You can use the "Secure Consul with ACLs" tutorial to configure a Consul cluster for this guide.
If your Consul cluster is TLS-enabled for agent communication and you are using Nomad version 0.10, you will need to provide some Consul configuration as environment variables for your Nomad process. This can be done by modifying your init scripts or systemd system units. This will be discussed later in the guide.
Note: This tutorial is for demo purposes and is only using a single Nomad server with a Consul server configured alongside it. In a production cluster, 3 or 5 Nomad server nodes are recommended along with a separate Consul cluster. Consult the Consul Reference Architecture to learn how to securely deploy a Vault cluster.
NOTE: A similar, interactive lab is also available if you do not have a Nomad environment to perform the steps described in this guide. Click the Show Tutorial button to launch the lab experience.
»Generate Consul ACL tokens for Nomad
»Create a Nomad server policy
Define the Nomad server policy by making a file named nomad-server-policy.hcl
with this content.
agent_prefix "" {
policy = "read"
}
node_prefix "" {
policy = "read"
}
service_prefix "" {
policy = "write"
}
acl = "write"
Create the Nomad server policy by uploading this file.
$ consul acl policy create \
-name "nomad-server" \
-description "Nomad Server Policy" \
-rules @nomad-server-policy.hcl
The command outputs information about the newly created policy and its rules.
$ consul acl policy create \
> -name "nomad-server" \
> -description "Nomad Server Policy" \
> -rules @nomad-server-policy.hcl
ID: 4ca519e1-d480-5fd2-160e-8a84cc22eefa
Name: nomad-server
Description: Nomad Server Policy
Datacenters:
Rules:
agent_prefix "" {
policy = "read"
}
node_prefix "" {
policy = "read"
}
service_prefix "" {
policy = "write"
}
acl = "write"
»Create a Nomad client policy
Define the Nomad client policy by making a file named nomad-client-policy.hcl
with this content.
agent_prefix "" {
policy = "read"
}
node_prefix "" {
policy = "read"
}
service_prefix "" {
policy = "write"
}
# uncomment if using Consul KV with Consul Template
# key_prefix "" {
# policy = read
# }
Create the Nomad client policy by uploading this file.

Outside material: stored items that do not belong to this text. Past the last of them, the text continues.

(* Let $\mathbf A$ be a Pavelka algebra and $\exists\colon A\to A$ a closure operator, and put $\forall(x)=\neg\exists(\neg x)$. Then $(\mathbf A,\exists)$ is a monadic Pavelka algebra if and only if $(\mathbf A,\forall,\forall)$ is a tense Pavelka algebra.
   Context: An MV-algebra $(A;\oplus,\neg,0)$ carries derived operations $1=\neg0$, $x\cdot y=\neg(\neg x\oplus\neg y)$, $x\rightarrow y=\neg x\oplus y$, lattice operations $\vee,\wedge$ of the order $x\le y$ iff $\neg x\oplus y=1$. A Pavelka algebra is $\mathbf A=(A;\oplus,\neg,\{\mathbf r\mid r\in[0,1]\cap\mathbb Q\})$ with $(A;\oplus,\neg,\mathbf 0)$ an MV-algebra, $\mathbf r\oplus\mathbf s=\mathbf t$ whenever $\min\{r+s,1\}=t$, and $\neg\mathbf r=\mathbf s$ whenever $1-r=s$. A closure operator is a monotone $C$ with $x\le C(x)$, $C(C(x))=C(x)$. A monadic Pavelka algebra is a pair $(\mathbf A,\exists)$ with $\exists$ a closure operator on $A$ such that $\exists(\neg\exists(x))=\neg\exists(x)$ and $\mathbf r\cdot\exists(x)=\exists(\mathbf r\cdot x)$ for all $x\in A$ and constants $\mathbf r$. A tense Pavelka algebra is $(\mathbf A,G,H)$ with $G,H\colon A\to A$ such that for all $x,y$ and constants $\mathbf r$: (PT1) $G(x\wedge y)=G(x)\wedge G(y)$, $H(x\wedge y)=H(x)\wedge H(y)$; (PT2) $\mathbf r\rightarrow G(x)=G(\mathbf r\rightarrow x)$, $\mathbf r\rightarrow H(x)=H(\mathbf r\rightarrow x)$; (PT3) $\neg H(\neg G(x))\le x$, $\neg G(\neg H(x))\le x$. *)

From HB Require Import structures.
From mathcomp Require Import all_boot all_order all_algebra.
Set Implicit Arguments. Unset Strict Implicit. Unset Printing Implicit Defensive.
Import Order.TTheory GRing.Theory Num.Theory.
Local Open Scope ring_scope.

(* Signature of a Pavelka algebra: carrier, oplus, neg, and the constants
   r (for r rational); only constants with 0 <= r <= 1 matter. *)
Record pavelka_sig := PSig {
  car :> Type;
  op : car -> car -> car;
  ng : car -> car;
  cst : rat -> car
}.

Section Derived.
Variable P : pavelka_sig.
Definition pzero : P := @cst P 0.
Definition pone : P := ng pzero.
Definition pmul (x y : P) : P := ng (op (ng x) (ng y)).
Definition pimp (x y : P) : P := op (ng x) y.
Definition ple (x y : P) : Prop := op (ng x) y = pone.
(* standard MV-algebra lattice operations (join/meet of the order ple) *)
Definition pjoin (x y : P) : P := op (ng (op (ng x) y)) y.
Definition pmeet (x y : P) : P := ng (pjoin (ng x) (ng y)).

Definition is_const_index (r : rat) : bool := (0 <= r) && (r <= 1).

Record is_mv_algebra : Prop := {
  mv_assoc : forall x y z : P, op (op x y) z = op x (op y z);
  mv_comm  : forall x y : P, op x y = op y x;
  mv_zero  : forall x : P, op x pzero = x;
  mv_negK  : forall x : P, ng (ng x) = x;
  mv_one   : forall x : P, op x pone = pone;
  mv_luk   : forall x y : P, op (ng (op (ng x) y)) y = op (ng (op (ng y) x)) x
}.

Record is_pavelka : Prop := {
  pv_mv : is_mv_algebra;
  pv_add : forall r s t, is_const_index r -> is_const_index s -> is_const_index t ->
             Num.min (r + s) 1 = t -> op (@cst P r) (@cst P s) = @cst P t;
  pv_neg : forall r s, is_const_index r -> is_const_index s ->
             1 - r = s -> ng (@cst P r) = @cst P s
}.

Definition closure_op (C : P -> P) : Prop :=
  (forall x y : P, ple x y -> ple (C x) (C y)) /\
  (forall x : P, ple x (C x)) /\
  (forall x : P, C (C x) = C x).

Definition is_monadic (E : P -> P) : Prop :=
  closure_op E /\
  (forall x : P, E (ng (E x)) = ng (E x)) /\
  (forall r (x : P), is_const_index r -> pmul (@cst P r) (E x) = E (pmul (@cst P r) x)).

Definition is_tense (G H : P -> P) : Prop :=
  (* PT1 *)
  (forall x y : P, G (pmeet x y) = pmeet (G x) (G y) /\ H (pmeet x y) = pmeet (H x) (H y)) /\
  (* PT2 *)
  (forall r (x : P), is_const_index r ->
     pimp (@cst P r) (G x) = G (pimp (@cst P r) x) /\
     pimp (@cst P r) (H x) = H (pimp (@cst P r) x)) /\
  (* PT3 *)
  (forall x : P, ple (ng (H (ng (G x)))) x /\ ple (ng (G (ng (H x)))) x).

Definition univ_of (E : P -> P) : P -> P := fun x => ng (E (ng x)).
End Derived.

(* With [A x := ~ E ~ x] the operator [A] is a dual ("interior") operator, and
   each tense axiom for [(A, A)] is the dual of a monadic axiom for [E]:
   PT3 says exactly that the fixed points of [E] are closed under negation,
   and PT2 is the De Morgan dual of [r * E x = E (r * x)].  PT1 only has to be
   checked in one direction: once the fixed points of the closure operator
   [E] are closed under negation, they form a sublattice, so [E] preserves
   joins and [A] preserves meets. *)
From mathcomp Require Import all_boot all_order all_algebra.

Set Implicit Arguments.
Unset Strict Implicit.

Section MVAlgebraOrder.
Variable P : pavelka_sig.
Hypothesis M : is_mv_algebra P.

Local Notation opA := (mv_assoc M).
Local Notation opC := (mv_comm M).
Local Notation op0 := (mv_zero M).
Local Notation ngK := (mv_negK M).
Local Notation op1 := (mv_one M).
Local Notation luk := (mv_luk M).

Lemma ng_pone : ng (pone P) = pzero P.
Proof. by rewrite /pone ngK. Qed.

Lemma op0x (x : P) : op (pzero P) x = x.
Proof. by rewrite opC op0. Qed.

Lemma op1x (x : P) : op (pone P) x = pone P.
Proof. by rewrite opC op1. Qed.

Lemma opNx (x : P) : op (ng x) x = pone P.
Proof. by have := luk x (pone P); rewrite op1 ng_pone !op0x => ->. Qed.

Lemma ple_refl (x : P) : ple x x.
Proof. exact: opNx. Qed.

Lemma ple_op (x z : P) : ple x (op x z).
Proof. by rewrite /ple -opA opNx op1x. Qed.

Lemma pleP (x y : P) : ple x y -> exists z, y = op x z.
Proof.
move=> lexy; exists (ng (op (ng y) x)).
by have := luk x y; rewrite lexy ng_pone op0x (opC x) => <-.
Qed.

Lemma ple_trans (x y z : P) : ple x y -> ple y z -> ple x z.
Proof. by move=> /pleP [a ->] /pleP [b ->]; rewrite opA; apply: ple_op. Qed.

Lemma ple_anti (x y : P) : ple x y -> ple y x -> x = y.
Proof. by move=> lexy leyx; have := luk x y; rewrite lexy leyx ng_pone !op0x. Qed.

Lemma ple_ng (x y : P) : ple x y -> ple (ng y) (ng x).
Proof. by rewrite /ple ngK opC. Qed.

Lemma ple_opr (x y c : P) : ple x y -> ple (op x c) (op y c).
Proof. by move=> /pleP [d ->]; rewrite (opA x d c) (opC d c) -opA; apply: ple_op. Qed.

Lemma pjoin_ubl (x y : P) : ple x (pjoin x y).
Proof. by rewrite /pjoin luk opC; apply: ple_op. Qed.

Lemma pjoin_ubr (x y : P) : ple y (pjoin x y).
Proof. by rewrite /pjoin opC; apply: ple_op. Qed.

Lemma pjoin_lub (x y z : P) : ple x z -> ple y z -> ple (pjoin x y) z.
Proof.
move=> lexz leyz.
have lejoin : ple (pjoin x y) (pjoin z y).
  by apply/ple_opr/ple_ng/ple_opr/ple_ng.
by apply: (ple_trans lejoin); rewrite /pjoin luk leyz ng_pone op0x; apply: ple_refl.
Qed.

Lemma pmeet_lbl (x y : P) : ple (pmeet x y) x.
Proof. by rewrite /pmeet -{2}(ngK x); apply/ple_ng/pjoin_ubl. Qed.

Lemma pmeet_lbr (x y : P) : ple (pmeet x y) y.
Proof. by rewrite /pmeet -{2}(ngK y); apply/ple_ng/pjoin_ubr. Qed.

Lemma pmeet_glb (x y z : P) : ple z x -> ple z y -> ple z (pmeet x y).
Proof. by move=> lezx lezy; rewrite /pmeet -(ngK z); apply/ple_ng/pjoin_lub; apply: ple_ng. Qed.

Lemma pjoinE (x y : P) : pjoin x y = ng (pmeet (ng x) (ng y)).
Proof. by rewrite /pmeet !ngK. Qed.

End MVAlgebraOrder.

Section ClosureOperator.
Variable P : pavelka_sig.
Hypothesis M : is_mv_algebra P.
Variable E : P -> P.
Hypothesis E_mono : forall x y : P, ple x y -> ple (E x) (E y).
Hypothesis E_ext : forall x : P, ple x (E x).
Hypothesis E_idem : forall x : P, E (E x) = E x.

Local Notation ngK := (mv_negK M).
Local Notation A := (univ_of E).

Lemma closure_fixed_pmeet (u v : P) :
  E u = u -> E v = v -> E (pmeet u v) = pmeet u v.
Proof.
move=> Eu Ev; apply: (ple_anti M); last exact: E_ext.
apply: (pmeet_glb M).
- by rewrite -{2}Eu; apply/E_mono/(pmeet_lbl M).
- by rewrite -{2}Ev; apply/E_mono/(pmeet_lbr M).
Qed.

Section NegationClosedFixedPoints.
Hypothesis E_ngE : forall x : P, E (ng (E x)) = ng (E x).

Lemma closure_fixed_pjoin (a b : P) : E (pjoin (E a) (E b)) = pjoin (E a) (E b).
Proof.
have Emeet := closure_fixed_pmeet (E_ngE a) (E_ngE b).
by rewrite (pjoinE M) -{1}Emeet E_ngE Emeet.
Qed.

Lemma closure_pjoin (a b : P) : E (pjoin a b) = pjoin (E a) (E b).
Proof.
apply: (ple_anti M).
- rewrite -closure_fixed_pjoin; apply/E_mono/(pjoin_lub M).
  + exact: (ple_trans M (E_ext a) (pjoin_ubl M _ _)).
  + exact: (ple_trans M (E_ext b) (pjoin_ubr M _ _)).
- by apply: (pjoin_lub M); apply: E_mono; [apply: pjoin_ubl | apply: pjoin_ubr].
Qed.

Lemma univ_pmeet (x y : P) : A (pmeet x y) = pmeet (A x) (A y).
Proof. by rewrite /univ_of /pmeet ngK closure_pjoin !ngK. Qed.

End NegationClosedFixedPoints.

Lemma univ_dual_iff :
  (forall x : P, ple (ng (A (ng (A x)))) x) <->
  (forall x : P, E (ng (E x)) = ng (E x)).
Proof.
rewrite /univ_of; split=> [PT3 y | E_ngE x].
- apply: (ple_anti M); last exact: E_ext.
  by have := PT3 (ng (E y)); rewrite !ngK E_idem.
- by rewrite !ngK E_ngE -{2}(ngK x); apply/(ple_ng M)/E_ext.
Qed.

Lemma univ_pimp_iff (c : P) :
  (forall x : P, pmul c (E x) = E (pmul c x)) <->
  (forall x : P, pimp c (A x) = A (pimp c x)).
Proof.
have pmul_ng x : pmul c (E (ng x)) = ng (pimp c (A x)) by [].
have E_pmul_ng x : E (pmul c (ng x)) = ng (A (pimp c x)).
  by rewrite /univ_of /pmul /pimp !ngK.
split=> [mulE x | impA x].
- by rewrite -[LHS]ngK -pmul_ng mulE E_pmul_ng ngK.
- by rewrite -(ngK x) pmul_ng E_pmul_ng impA.
Qed.

End ClosureOperator.

Theorem theorem14 (P : pavelka_sig) (HP : is_pavelka P) (E : P -> P)
  (HE : closure_op E) :
  is_monadic E <-> is_tense (univ_of E) (univ_of E).
Proof.
have M := pv_mv HP.
have [E_mono [E_ext E_idem]] := HE.
have PT3_iff := univ_dual_iff M E_ext E_idem.
have PT2_iff c := univ_pimp_iff M E c.
split.
- move=> [_ [E_ngE mulE]]; split; [|split].
  + by move=> x y; rewrite univ_pmeet.
  + move=> r x hr.
    by rewrite (proj1 (PT2_iff _) (fun y => mulE r y hr)).
  + by move=> x; have := proj2 PT3_iff E_ngE x.
- move=> [_ [PT2 PT3]]; split; first exact: HE.
  split.
  + by apply/PT3_iff => x; case: (PT3 x).
  + move=> r x hr; apply: (proj2 (PT2_iff _)) => y.
    by case: (PT2 r y hr).
Qed.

$ consul acl policy create \
-name "nomad-client" \
-description "Nomad Client Policy" \
-rules @nomad-client-policy.hcl
The command outputs information about the newly created policy and its rules.
$ touch nomad-client-policy.hcl
$ consul acl policy create \
> -name "nomad-client" \
> -description "Nomad Client Policy" \
> -rules @nomad-client-policy.hcl
ID: b093d1c5-a800-7973-4d73-6c7ac2c8ec01
Name: nomad-client
Description: Nomad Client Policy
Datacenters:
Rules:
agent_prefix "" {
policy = "read"
}
node_prefix "" {
policy = "read"
}
service_prefix "" {
policy = "write"
}
# uncomment if using Consul KV with Consul Template
# key_prefix "" {
# policy = read
# }
»Create a token for Nomad
Generate a token associated with these policies and save it to a file named nomad-agent.token. Because this tutorial is written for a node that is both a client and a server, apply both policies to the token. Typically, you would generate tokens with the nomad-server role for your Nomad server nodes and tokens with the nomad-client role for your Nomad client nodes.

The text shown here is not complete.